K-Ar dating, or the more powerful Ar/Ar variant, works essentially the same way. Minerals like to take up potassium, and one isotope of potassium is radioactive. Minerals don’t generally take up any argon, at least none in the crystal structure. So we measure the amount of K and the amount of Ar and we can calculate an age. The reason Ar/Ar is different is that we can use a proxy for measuring the K content, this makes the measurement process and the information we can recover from a crystal much more powerful. I will post about Ar/Ar geochronology later, I don’t want to go into the details. I think one of the most amazing and interesting proofs of the K-Ar system was published in a 1997 paper by Paul Renne et al.,
P. R. Renne, W. D. Sharp, A. L. Deino, G. Orsi, L. Civetta (1997) 40Ar/39Ar Dating into the Historical Realm: Calibration Against Pliny the Younger, Science, v. 277, p. 1279-1280.
In this study they dated ash from the 79 A.D. eruption of Mt. Vesuvius. This is one of the hardest kinds of analysis to do, on a geologic time scale barely any time has passed for Ar to accumulate. But, as shown below, they actually nail the date reported by Pliny the Younger (a recording witness) well within error.
Pliny the Younger would have predicted 1918 years, they got 1925 ± 94.
The chemical and physical behavior of Ar makes the K-Ar system very powerful.
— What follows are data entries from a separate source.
(* The cardinality of any SudoQ of size $4\times4$ belongs to the set $\{4,6,8,16\}$.
   Context: For $N\ge1$, a SudoQ (quantum Sudoku) of size $N^2\times N^2$ is an $N^2\times N^2$ array of unit vectors in $\mathbb{C}^{N^2}$ such that the entries of each row, of each column, and of each of the $N^2$ disjoint $N\times N$ blocks (obtained by partitioning rows and columns into $N$ consecutive groups of $N$) form an orthonormal basis of $\mathbb{C}^{N^2}$. Its cardinality is the number of distinct entries, vectors differing only by a global phase being considered equal. Here $N=2$. *)

From HB Require Import structures.
From mathcomp Require Import all_boot all_order all_algebra.
From mathcomp Require Import reals.
From mathcomp Require Import complex.
Set Implicit Arguments. Unset Strict Implicit. Unset Printing Implicit Defensive.
Import Order.TTheory GRing.Theory Num.Theory.
Local Open Scope ring_scope.
Local Open Scope complex_scope.

Definition hdot (R : rcfType) (n : nat) (u v : 'rV[R[i]]_n) : R[i] :=
  \sum_(k < n) ((u 0 k)^* * v 0 k).

Definition is_onb (R : rcfType) (n : nat) (I : finType) (f : I -> 'rV[R[i]]_n) : Prop :=
  [/\ forall a, hdot (f a) (f a) = 1,
      forall a b, a != b -> hdot (f a) (f b) = 0
    & row_full (\matrix_(k < #|I|) f (enum_val k))].

(* Position of the p-th row (or column) inside the a-th band of 2 rows/cols. *)
Definition blk (a p : 'I_2) : 'I_4 := inord (2 * a + p)%N.

Definition sudoQ4 (R : rcfType) (S : 'I_4 -> 'I_4 -> 'rV[R[i]]_4) : Prop :=
  [/\ forall r : 'I_4, is_onb (fun c : 'I_4 => S r c),
      forall c : 'I_4, is_onb (fun r : 'I_4 => S r c)
    & forall a b : 'I_2,
        is_onb (fun pq : 'I_2 * 'I_2 => S (blk a pq.1) (blk b pq.2))].

Definition phase_eq (R : rcfType) (n : nat) (u v : 'rV[R[i]]_n) : Prop :=
  exists z : R[i], `|z| = 1 /\ u = z *: v.

(* The
   cardinality of S is then #|Rep|. *)
Definition phase_reps (R : rcfType) (S : 'I_4 -> 'I_4 -> 'rV[R[i]]_4)
    (Rep : {set 'I_4 * 'I_4}) : Prop :=
  (forall c : 'I_4 * 'I_4, exists2 d, d \in Rep & phase_eq (S c.1 c.2) (S d.1 d.2)) /\
  (forall d e, d \in Rep -> e \in Rep -> d != e -> ~ phase_eq (S d.1 d.2) (S e.1 e.2)).

From HB Require Import structures.
From mathcomp Require Import all_boot all_order all_algebra.
From mathcomp Require Import reals complex boolp ring.
Set Implicit Arguments. Unset Strict Implicit. Unset Printing Implicit Defensive.
Import Order.TTheory GRing.Theory Num.Theory.
Local Open Scope ring_scope.

(* The entries of the top-left block form an orthonormal basis, and each entry is orthogonal to
   the top-left entries it shares a row, column or block with. Call an entry degenerate if it is
   also orthogonal to a top-left entry it shares no line with. Listing the cells block by block, a non-degenerate
   entry opens a new phase class: every earlier entry either shares a line with it or vanishes
   on a top-left vector on which it does not. A degenerate entry repeats an earlier class: in the
   two off-diagonal blocks it is a top-left entry up to phase, and in the bottom-right block it
   is orthogonal to a whole row or column of the top-left block, hence a phase multiple of an
   off-diagonal entry. The two entries of a top-right row (bottom-left column) are degenerate
   together, and the bottom-right entries are degenerate exactly when some off-diagonal entry is.
   Finally, a bottom-right entry lies in the span of two bottom-left entries of one row and in
   the span of two top-right entries of one column; comparing its top-left coordinates gives a
   cross-ratio identity which forces degeneracy to fill a whole off-diagonal block. Counting the
   non-degenerate entries gives 16, 8, 6 or 4. *)

Section HermitianProduct.
Variables (R : rcfType) (n : nat).
Local Notation vec := 'rV[R[i]]_n.
Implicit Types (u w : vec) (s : seq vec).

Lemma hdotDr u w1 w2 : hdot u (w1 + w2) = hdot u w1 + hdot u w2.
Proof. by rewrite /hdot -big_split; apply: eq_bigr => k _; rewrite mxE mulrDr. Qed.

Lemma hdotZr a u w : hdot u (a *: w) = a * hdot u w.
Proof. by rewrite /hdot mulr_sumr; apply: eq_bigr => k _; rewrite mxE mulrCA. Qed.

Lemma hdotC u w : hdot w u = (hdot u w)^*.
Proof.
by rewrite /hdot rmorph_sum; apply: eq_bigr => k _; rewrite rmorphM /= conjCK mulrC.
Qed.

Lemma hdotDl u1 u2 w : hdot (u1 + u2) w = hdot u1 w + hdot u2 w.
Proof. by rewrite hdotC hdotDr rmorphD /= -!hdotC. Qed.

Lemma hdotZl a u w : hdot (a *: u) w = a^* * hdot u w.
Proof. by rewrite hdotC hdotZr rmorphM /= -hdotC. Qed.

Lemma hdot0r u : hdot u 0 = 0.
Proof. by rewrite -(scale0r 0) hdotZr mul0r. Qed.

Definition orthonormal s :=
  all (fun u => hdot u u == 1) s && pairwise (fun u w => hdot u w == 0) s.

Lemma orthonormal_hdot s (i j : nat) : orthonormal s -> (i < size s)%N -> (j < size s)%N ->
  hdot s`_i s`_j = (i == j)%:R.
Proof.
case/andP=> /allP unit /(pairwiseP 0) orth ti tj.
case: (ltngtP i j) => [ij | ji | ->]; first exact/eqP/orth.
- by rewrite hdotC (eqP (orth _ _ tj ti ji)) conjC0.
- by apply/eqP; rewrite unit ?mem_nth.
Qed.

Lemma orthonormal_expansion s u : orthonormal s -> size s = n ->
  u = \sum_(e <- s) hdot e u *: e.
Proof.
move=> on sz.
have on_ord (i j : 'I_n) : hdot s`_i s`_j = (i == j)%:R.
  by rewrite orthonormal_hdot ?sz.
pose M : 'M[R[i]]_n := \matrix_(i, k) s`_i 0 k.
pose Mh : 'M[R[i]]_n := \matrix_(i, j) (M j i)^*.
have MMh : M *m Mh = 1%:M.
  apply/matrixP => i j; rewrite !mxE eq_sym -on_ord.
  by apply: eq_bigr => k _; rewrite !mxE mulrC.
(* The rows of M are orthonormal, so M is unitary and also Mh *m M = 1. *)
have MhM k l : \sum_i (M i k)^* * M i l = (k == l)%:R.
  have := congr1 (fun A : 'M[R[i]]_n => A k l) (mulmx1C MMh); rewrite !mxE => <-.
  by apply: eq_bigr => i _; rewrite !mxE.
rewrite (big_nth 0) sz big_mkord; apply/rowP => l; rewrite summxE.
have -> : \sum_(i < n) (hdot s`_i u *: s`_i) 0 l = \sum_k u 0 k * \sum_i (M i k)^* * M i l.
  under [RHS]eq_bigr => k _ do rewrite mulr_sumr.
  rewrite exchange_big /=; apply: eq_bigr => i _; rewrite !mxE /hdot mulr_suml.
  by apply: eq_bigr => k _; rewrite !mxE mulrA [_ * u 0 k]mulrC.
under eq_bigr => k _ do rewrite MhM.
by rewrite (bigD1 l) //= eqxx mulr1 big1 ?addr0 // => k /negbTE->; rewrite mulr0.
Qed.

Lemma expansion_cat s1 s2 u : orthonormal (s1 ++ s2) -> size (s1 ++ s2) = n ->
  all (fun e => hdot e u == 0) s2 -> u = \sum_(e <- s1) hdot e u *: e.
Proof.
move=> on sz /allP u_orth; rewrite {1}(orthonormal_expansion u on sz) big_cat /=.
by rewrite [X in _ + X]big1_seq ?addr0 // => e /andP[_ /u_orth/eqP->]; rewrite scale0r.
Qed.

Lemma span2_coord_neq0 e1 e2 a b u : u = a *: e1 + b *: e2 -> hdot u u = 1 ->
  (a != 0) || (b != 0).
Proof.
move=> -> uu; apply: contraPT uu; rewrite negb_or !negbK => /andP[/eqP-> /eqP->].
by rewrite !scale0r addr0 hdot0r => /eqP; rewrite eq_sym oner_eq0.
Qed.

Lemma span2_expansion e1 e2 s u : orthonormal [:: e1, e2 & s] ->
  size [:: e1, e2 & s] = n -> all (fun e => hdot e u == 0) s ->
  u = hdot e1 u *: e1 + hdot e2 u *: e2.
Proof.
by move=> on sz us; rewrite {1}(@expansion_cat [:: e1; e2] s u) // !big_cons big_nil addr0.
Qed.

Lemma twin_coord_eq0 e1 e2 s u w : orthonormal [:: e1, e2 & s] ->
  size [:: e1, e2 & s] = n -> hdot u u = 1 -> hdot w w = 1 -> hdot u w = 0 ->
  all (fun e => (hdot e u == 0) && (hdot e w == 0)) s ->
  (hdot e1 w == 0) = (hdot e2 u == 0).
Proof.
move=> on sz uu ww uw /allP sorth.
have eu : u = hdot e1 u *: e1 + hdot e2 u *: e2.
  by apply: span2_expansion on sz _; apply/allP => e /sorth/andP[].
have ew : w = hdot e1 w *: e1 + hdot e2 w *: e2.
  by apply: span2_expansion on sz _; apply/allP => e /sorth/andP[].
have := span2_coord_neq0 eu uu; have := span2_coord_neq0 ew ww.
have : hdot u w = (hdot e1 u)^* * hdot e1 w + (hdot e2 u)^* * hdot e2 w.
  by rewrite {1}eu hdotDl !hdotZl.
rewrite uw; move: (hdot e1 u) (hdot e2 u) (hdot e1 w) (hdot e2 w) => a b c d e0 ncd nab.
apply/idP/idP => /eqP z; move: e0; rewrite z ?mulr0 ?conjC0 ?mul0r ?add0r ?addr0.
- move/esym/eqP; rewrite mulf_eq0 conjC_eq0 => /orP[//|/eqP d0].
  by move: ncd; rewrite z d0 eqxx.
- move/esym/eqP; rewrite mulf_eq0 conjC_eq0 => /orP[/eqP a0|//].
  by move: nab; rewrite z a0 eqxx.
Qed.
End HermitianProduct.

Section PhaseEquality.
Variables (R : rcfType) (n : nat).
Local Notation vec := 'rV[R[i]]_n.
Implicit Types (u w : vec) (s : seq vec).

Lemma norm1_neq0 (z : R[i]) : `|z| = 1 -> z != 0.
Proof. by move=> nz; rewrite -normr_gt0 nz ltr01. Qed.

Lemma phase_eq_refl u : phase_eq u u.
Proof. by exists 1; rewrite normr1 scale1r. Qed.

Lemma phase_eq_sym u w : phase_eq u w -> phase_eq w u.
Proof.
case=> z [nz ->]; exists z^-1; rewrite normfV nz invr1 scalerA mulVf ?scale1r //.
exact: norm1_neq0.
Qed.

Lemma phase_eq_trans u1 u2 u3 : phase_eq u1 u2 -> phase_eq u2 u3 -> phase_eq u1 u3.
Proof.
by case=> z [nz ->] [y [ny ->]]; exists (z * y); rewrite normrM nz ny mulr1 scalerA.
Qed.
Unlike Pb, Ar is a light gas, and when a rock is hot, Ar can diffuse out of the system almost instantaneously. We know a lot of Ar exits rocks into the atmosphere, about 1% of what we breathe is argon. Anyways, K-Ar, or Ar/Ar dates don’t really tell you when a rock or crystal formed, but more when it cooled to a certain temperature. This is analogous to the (U-Th)/He system I blogged about here. Different minerals retain Ar differently. So, in the same rock, Ar/Ar ages from 2 or 3 different minerals can help chart the cooling history of the sample. Radiometric techniques that are primarily dependent on temperature are called thermochronometers. The elite earth scientists who use thermochronometers are thermochronologists. Think of thermochronologists as the navy seal or olympic athlete of the geology world.
So how old is this rock? Well, it depends. Do you want to know when that crystal formed? When the rock cooled near the surface? When the crystals that make up that sandstone formed? When the sandstone was deposited? All ages are not the same, but interesting things can happen when you hit the geochronic.